- TASK BRIEF
Go through the material and return every line that contains the string "bool".

- RECORD EXTRACTS
(* For every $n\ge1$, the map $e\mapsto d(e)$ is a bijection from $\mathbf{I}_n(021)$ onto $\mathcal{A}_n$, and for every $e\in\mathbf{I}_n(021)$, $$(\mathrm{dist},\mathrm{asc},\mathrm{zero},\mathrm{ema})(e)=(\mathrm{turn},\mathrm{segment},\mathrm{red},\mathrm{return})(d(e)).$$
   Context: $\mathbf{I}_n=\{(e_1,\dots,e_n): 0\le e_i\le i-1\}$; $\mathbf I_n(021)$ is the set of $e\in\mathbf I_n$ containing no indices $i<j<k$ with $e_i<e_k<e_j$ (equivalently, whose positive entries are weakly increasing). For $e\in\mathbf I_n$: $\mathrm{dist}(e)$ is the number of distinct positive values among the entries; $\mathrm{asc}(e)=|\{i\in[n-1]:e_i<e_{i+1}\}|$; $\mathrm{zero}(e)=|\{i:e_i=0\}|$; $\mathrm{ema}(e)=|\{i:e_i=i-1\}|$. A two-colored Dyck path of length $n$ is a lattice path from $(0,0)$ to $(n,n)$ with unit east and north steps never going above $y=x$, each east step colored black or red; it is encoded by $D=d_1\cdots d_n$ where $d_i$ (the height of the $i$-th east step) is the number of north steps before it, so $0\le d_1\le\dots\le d_n$, $d_i\le i-1$, together with the colors. The outline of $e\in\mathbf I_n(021)$ is the two-colored Dyck path $d(e)$ with $d_i=e_i$ and step $i$ black if $e_i\ne0$, and $d_i=\max\{e_1,\dots,e_i\}$ and step $i$ red if $e_i=0$. $\mathcal{A}_n$ is the set of two-colored Dyck paths of length $n$ such that (c-1) all east steps of height $0$ are red and (c-2) the first east step of each positive height is black. For a two-colored Dyck path $D$: $\mathrm{turn}(D)$ is the number of east steps immediately followed by a north step, minus $1$ (equivalently $|\{i\in[n-1]: d_i<d_{i+1}\}|$); $\mathrm{segment}(D)$ is the number of maximal runs of consecutive east steps (consecutive indices) that are all black and have the same height; $\mathrm{red}(D)$ is the number of red east steps; $\mathrm{return}(D)$ is the number of lattice points $(i,i)$, $1\le i\le n$, on $D$ (equivalently $|\{i\in[n]:d_i=i-1\}|$). *)

(* All sequences are 0-indexed: entry e_i of the paper (1-indexed)
   is [nth 0 e (i-1)]. *)
From mathcomp Require Import all_boot.
Set Implicit Arguments. Unset Strict Implicit. Unset Printing Implicit Defensive.

Definition invseq (n : nat) (e : seq nat) : bool :=
  (size e == n) && [forall i : 'I_n, nth 0 e i <= i].

Definition avoids021 (e : seq nat) : bool :=
  ~~ [exists i : 'I_(size e), exists j : 'I_(size e), exists k : 'I_(size e),
       [&& i < j, j < k, nth 0 e i < nth 0 e k & nth 0 e k < nth 0 e j]].

Definition dist (e : seq nat) : nat := size (undup [seq x <- e | 0 < x]).
Definition asc (e : seq nat) : nat :=
  count (fun i => nth 0 e i < nth 0 e i.+1) (iota 0 (size e).-1).
Definition zero (e : seq nat) : nat := count (fun x => x == 0) e.
Definition ema (e : seq nat) : nat :=
  count (fun i => nth 0 e i == i) (iota 0 (size e)).

(* A two-colored Dyck path of length n is a seq of east steps (height, black?):
   heights d_1 <= ... <= d_n with d_i <= i-1 (1-indexed); [true] = black, [false] = red. *)
Definition step := (nat * bool)%type.
Definition ht (D : seq step) (i : nat) : nat := (nth (0, false) D i).1.
Definition black (D : seq step) (i : nat) : bool := (nth (0, false) D i).2.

- SOLVED PROBLEM
Definition invseq (n : nat) (e : seq nat) : bool :=
Definition avoids021 (e : seq nat) : bool :=
Definition step := (nat * bool)%type.
Definition black (D : seq step) (i : nat) : bool := (nth (0, false) D i).2.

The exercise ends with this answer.